59 This approach is used instead of the more traditional environment
60 approach for reasons of speed.
61
62 === XmlTree ===
63
64 Before defining `XML`, the signature for language <:XML:>, we need to
65 define an auxiliary signature `XML_TREE`, that contains the datatype
66 declarations for the expression trees of <:XML:>. This is done solely
67 for the purpose of modularity -- it allows the simplifier and type
68 checker to be defined by separate functors (which take a structure
69 matching `XML_TREE`). Then, `Xml` is defined as the signature for a
70 module containing the expression trees, the simplifier, and the type
71 checker.
72
73 Both constructors and variables can have type schemes, hence both
74 constructor and variable references specify the instance of the scheme
75 at the point of references. An instance is specified with a vector of
76 types, which corresponds to the type variables in the scheme.
77
78 <:XML:> patterns are flat (i.e. not nested). A pattern is a
79 constructor with an optional argument variable. Patterns only occur
80 in `case` expressions. To evaluate a case expression, compare the
81 test value sequentially against each pattern. For the first pattern
82 that matches, destruct the value if necessary to bind the pattern
83 variables and evaluate the corresponding expression. If no pattern
84 matches, evaluate the default. All patterns of a case statement are
85 of the same variant of `Pat.t`, although this is not enforced by ML's
86 type system. The type checker, however, does enforce this. Because
87 tuple patterns are irrefutable, there will only ever be one tuple
88 pattern in a case expression and there will be no default.
89
90 <:XML:> contains value, exception, and mutually recursive function
91 declarations. There are no free type variables in <:XML:>. All type
92 variables are explicitly bound at either a value or function
93 declaration. At some point in the future, exception declarations may
94 go away, and exceptions may be represented with a single datatype
95 containing a `unit ref` component to implement genericity.
96
97 <:XML:> expressions are like those of <:CoreML:>, with the following
98 exceptions.
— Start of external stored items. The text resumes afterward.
(* Let $\mathcal C$ be an epireflective subcategory of $\mathbf{Top}$, $X$ a topological space and $A$ a subspace of $X$. Then the epireflection preserves the subspace $A\hookrightarrow X$ if and only if both of the following hold: (1) for all $a_1,a_2\in A$ with $\mathrm{r}_{(A,\mathcal C)}(a_1)\neq\mathrm{r}_{(A,\mathcal C)}(a_2)$ we have $\mathrm{r}_{(X,\mathcal C)}(a_1)\neq\mathrm{r}_{(X,\mathcal C)}(a_2)$; (2) for every $\mathcal C$-closed (resp. $\mathcal C$-open) subset $F$ of $A$ there is a $\mathcal C$-closed (resp. $\mathcal C$-open) subset $E$ of $X$ with $E\cap A=F$.
   Context: An epireflective subcategory $\mathcal C$ of $\mathbf{Top}$ is a full, isomorphism-closed subcategory closed under products and subspaces; each space $X$ has a reflection $\mathrm{r}_{\mathcal C}X\in\mathcal C$ with a continuous surjection $\mathrm{r}_{(X,\mathcal C)}\colon X\to\mathrm{r}_{\mathcal C}X$ through which every continuous map from $X$ into a space of $\mathcal C$ factors uniquely; $\mathrm{r}_{\mathcal C}(f)$ is the induced map. The epireflection preserves the subspace $A\hookrightarrow X$ (inclusion $i$) if $\mathrm{r}_{\mathcal C}(i)\colon\mathrm{r}_{\mathcal C}A\to\mathrm{r}_{\mathcal C}X$ is a homeomorphism onto a subspace of $\mathrm{r}_{\mathcal C}X$. For a space $Z$, a subset is $\mathcal C$-open if it belongs to the topology on $Z$ generated by the sets $f^{-1}(U)$ with $f\colon Z\to Y$ continuous, $Y\in\mathcal C$, $U$ open in $Y$; it is $\mathcal C$-closed if its complement is $\mathcal C$-open. *)

From HB Require Import structures.
From mathcomp Require Import all_boot all_algebra all_classical topology.
Set Implicit Arguments. Unset Strict Implicit. Unset Printing Implicit Defensive.
Local Open Scope classical_set_scope.

(* A class of topological spaces (a full subcategory of Top). *)
Definition top_class := topologicalType -> Prop.

Definition homeomorphism (S T : topologicalType) (f : S -> T) : Prop :=
  continuous f /\ exists g : T -> S, continuous g /\ cancel f g /\ cancel g f.

Definition embedding (S T : topologicalType) (f : S -> T) : Prop :=
  exists h : S -> set_type (range f),
    (forall s, set_val (h s) = f s) /\ homeomorphism h.

Definition is_reflection (C : top_class) (X R : topologicalType) (r : X -> R) : Prop :=
  [/\ C R, continuous r, (forall y : R, exists x : X, r x = y) &
      forall (Y : topologicalType) (f : X -> Y), C Y -> continuous f ->
        (exists g : R -> Y, continuous g /\ f = g \o r) /\
        (forall g1 g2 : R -> Y, continuous g1 -> continuous g2 ->
            g1 \o r = g2 \o r -> g1 = g2)].

Definition epireflective (C : top_class) : Prop :=
  [/\ (forall (S T : topologicalType) (f : S -> T), homeomorphism f -> C S -> C T),
      (forall (I : Type) (T : I -> topologicalType),
          (forall i, C (T i)) -> C (prod_topology T)),
      (forall (T : topologicalType) (A : set T), C T -> C (set_type A)) &
      (forall X : topologicalType, exists (R : topologicalType) (r : X -> R),
          is_reflection C r)].

Definition is_topology_on (Z : Type) (tau : set (set Z)) : Prop :=
  [/\ tau setT,
      (forall U V, tau U -> tau V -> tau (U `&` V)) &
      (forall G : set (set Z), G `<=` tau -> tau (\bigcup_(U in G) U))].

(* C-open: belongs to the topology generated by the preimages f^-1(U) with
   f : Z -> Y continuous, Y in C, U open in Y. *)
Definition C_open (C : top_class) (Z : topologicalType) (S : set Z) : Prop :=
  forall tau : set (set Z), is_topology_on tau ->
    (forall (Y : topologicalType) (f : Z -> Y) (U : set Y),
        C Y -> continuous f -> open U -> tau (f @^-1` U)) ->
    tau S.

Definition C_closed (C : top_class) (Z : topologicalType) (S : set Z) : Prop :=
  C_open C (~` S).

From HB Require Import structures.
From mathcomp Require Import all_boot all_algebra all_classical topology.
Local Open Scope classical_set_scope.

(* Both conditions transport, through the reflections, to properties of the
   induced map ri : r_C A -> r_C X.  Since r_(A,C) is surjective and
   ri \o r_(A,C) = r_(X,C) on A, condition (1) says exactly that ri is
   injective.  By the universal property, the C-open sets of a space are
   exactly the preimages of open sets of its reflection, so condition (2)
   says that every open set of r_C A is the preimage under ri of an open set
   of r_C X, i.e. that r_C A carries the initial topology of ri.  A
   continuous injection with this property is an embedding.  The closed and
   open versions of (2) are equivalent by complementation. *)

Lemma open_is_topology (T : topologicalType) : is_topology_on (@open T).
Proof.
split; [exact: openT | exact: openI |].
by move=> G GT; apply: bigcup_open.
Qed.

Lemma C_open_reflectionP {C : top_class} {Z R : topologicalType} {r : Z -> R} :
  is_reflection C r -> forall S : set Z, C_open C S <-> wopen r S.
Proof.
case=> CR r_cont _ r_univ S; split => [S_C_open|[V V_open <-]].
- apply: (S_C_open (@open (initial_topology r))); first exact: open_is_topology.
  move=> Y f U CY f_cont U_open.
  have [[g [g_cont ->]] _] := r_univ Y f CY f_cont.
  by rewrite comp_preimage; exists (g @^-1` U) => //; apply: open_comp.
- by move=> tau _ tau_gen; apply: tau_gen.
Qed.

Lemma C_closed_trace_iff_C_open_trace (C : top_class) (Z X : topologicalType)
    (f : Z -> X) :
  (forall F : set Z, C_closed C F ->
     exists E : set X, C_closed C E /\ f @^-1` E = F) <->
  (forall F : set Z, C_open C F ->
     exists E : set X, C_open C E /\ f @^-1` E = F).
Proof.
split => trace F F_C.
- have [E [E_C fEF]] : exists E, C_closed C E /\ f @^-1` E = ~` F.
    by apply: trace; rewrite /C_closed setCK.
  by exists (~` E); split; [exact: E_C | rewrite -preimage_setC fEF setCK].
- have [E [E_C fEF]] := trace _ F_C.
  exists (~` E); split; first by rewrite /C_closed setCK.
  by rewrite -preimage_setC fEF setCK.
Qed.

Lemma embeddingP (S T : topologicalType) (f : S -> T) : continuous f ->
  embedding f <-> injective f /\ (forall V : set S, open V -> wopen f V).
Proof.
move=> f_cont; split.
- move=> [h [hE [_ [g [g_cont [hK _]]]]]]; split.
    by move=> s1 s2; rewrite -!hE => /val_inj /(can_inj hK).
  move=> V /((continuousP g).1 g_cont) [W W_open WgV].
  exists W => //; rewrite predeqE => s /=.
  by rewrite -hE -[W _]/((set_val @^-1` W) (h s)) WgV /= hK.
- move=> [f_inj f_initial].
  have f_range s : f s \in range f by apply: mem_set; exists s.
  pose h s : set_type (range f) := exist _ (f s) (f_range s).
  have f_preim (y : set_type (range f)) : exists s, f s = set_val y.
    by case: y => y y_range; case/set_mem: (y_range) => s _ fsy; exists s.
  pose g y := projT1 (cid (f_preim y)).
  have gK y : f (g y) = set_val y := projT2 (cid (f_preim y)).
  have hK : cancel h g by move=> s; apply: f_inj; rewrite gK.
  exists h; split => //; split.
    apply/continuousP => _ [W W_open <-].
    exact: (proj1 (continuousP f) f_cont).
  exists g; split; last by split => // y; apply: val_inj; rewrite /= gK.
  apply/continuousP => V /f_initial [W W_open <-].
  by exists W => //; rewrite predeqE => y /=; rewrite gK.
Qed.

Section ReflectionOfSubspace.
Context {C : top_class} {X : topologicalType} {A : set X}.
Context {RA RX : topologicalType} {rA : set_type A -> RA} {rX : X -> RX}.
Context {ri : RA -> RX}.
Hypotheses (rA_refl : is_reflection C rA) (rX_refl : is_reflection C rX).
Hypothesis riE : ri \o rA = rX \o set_val.

Let riE_at a : ri (rA a) = rX (set_val a).
Proof. exact: (congr1 (@^~ a) riE). Qed.

Let rA_surj : forall y, exists a, rA a = y.
Proof. by case: rA_refl. Qed.

Lemma reflection_map_injectiveP :
  injective ri <->
  (forall a1 a2 : set_type A, rA a1 <> rA a2 -> rX (set_val a1) <> rX (set_val a2)).
Proof.
split => [ri_inj a1 a2 neq_rA eq_rX|separate s1 s2].
  by apply/neq_rA/ri_inj; rewrite !riE_at.
have [[a1 <-] [a2 <-]] := (rA_surj s1, rA_surj s2).
rewrite !riE_at => eq_rX; apply: contrapT => /separate.
by apply.
Qed.

Lemma reflection_map_initialP :
  (forall V : set RA, open V -> wopen ri V) <->
  (forall F : set (set_type A), C_open C F ->
     exists E : set X, C_open C E /\ set_val @^-1` E = F).
Proof.
split => [ri_initial F|trace V V_open].
- move=> /(C_open_reflectionP rA_refl) [V V_open <-].
  have [W W_open <-] := ri_initial V V_open.
  exists (rX @^-1` W); split; first by apply/(C_open_reflectionP rX_refl); exists W.
  by rewrite -comp_preimage -riE comp_preimage.
- have rAV_C_open : C_open C (rA @^-1` V).
    by apply/(C_open_reflectionP rA_refl); exists V.
  have [E [/(C_open_reflectionP rX_refl) [W W_open <-] rXWV]] := trace _ rAV_C_open.
  exists W => //; rewrite predeqE => s; have [a <-] := rA_surj s.
  by rewrite /= riE_at -[V _]/((rA @^-1` V) a) -rXWV.
Qed.

End ReflectionOfSubspace.

Theorem proposition5p4 (C : top_class) (HC : epireflective C)
  (X : topologicalType) (A : set X)
  (RA : topologicalType) (rA : set_type A -> RA) (HrA : is_reflection C rA)
  (RX : topologicalType) (rX : X -> RX) (HrX : is_reflection C rX)
  (ri : RA -> RX) (Hri_cont : continuous ri)
  (Hri : ri \o rA = rX \o (@set_val X A)) :
  (embedding ri <->
     (forall a1 a2 : set_type A, rA a1 <> rA a2 -> rX (set_val a1) <> rX (set_val a2)) /\
     (forall F : set (set_type A), C_closed C F ->
        exists E : set X, C_closed C E /\ (@set_val X A) @^-1` E = F)) /\
  (embedding ri <->
     (forall a1 a2 : set_type A, rA a1 <> rA a2 -> rX (set_val a1) <> rX (set_val a2)) /\
     (forall F : set (set_type A), C_open C F ->
        exists E : set X, C_open C E /\ (@set_val X A) @^-1` E = F)).
Proof.
rewrite C_closed_trace_iff_C_open_trace embeddingP //.
rewrite (reflection_map_injectiveP HrA Hri) (reflection_map_initialP HrA HrX Hri).
by split.
Qed.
There are no records expressions. After type inference,
99 all records (some of which may have originally been tuples in the
100 source) are converted to tuples, because once flexible record patterns
101 have been resolved, tuple labels are superfluous. Tuple components
102 are ordered based on the field ordering relation. <:XML:> eta expands
103 primitives and constructors so that there are always fully applied.
104 Hence, the only kind of value of arrow type is a lambda. This
105 property is useful for flow analysis and later in code generation.
106
107 An <:XML:> program is a list of toplevel datatype declarations and a
108 body expression. Because datatype declarations are not generative,
109 the defunctorizer can safely move them to toplevel.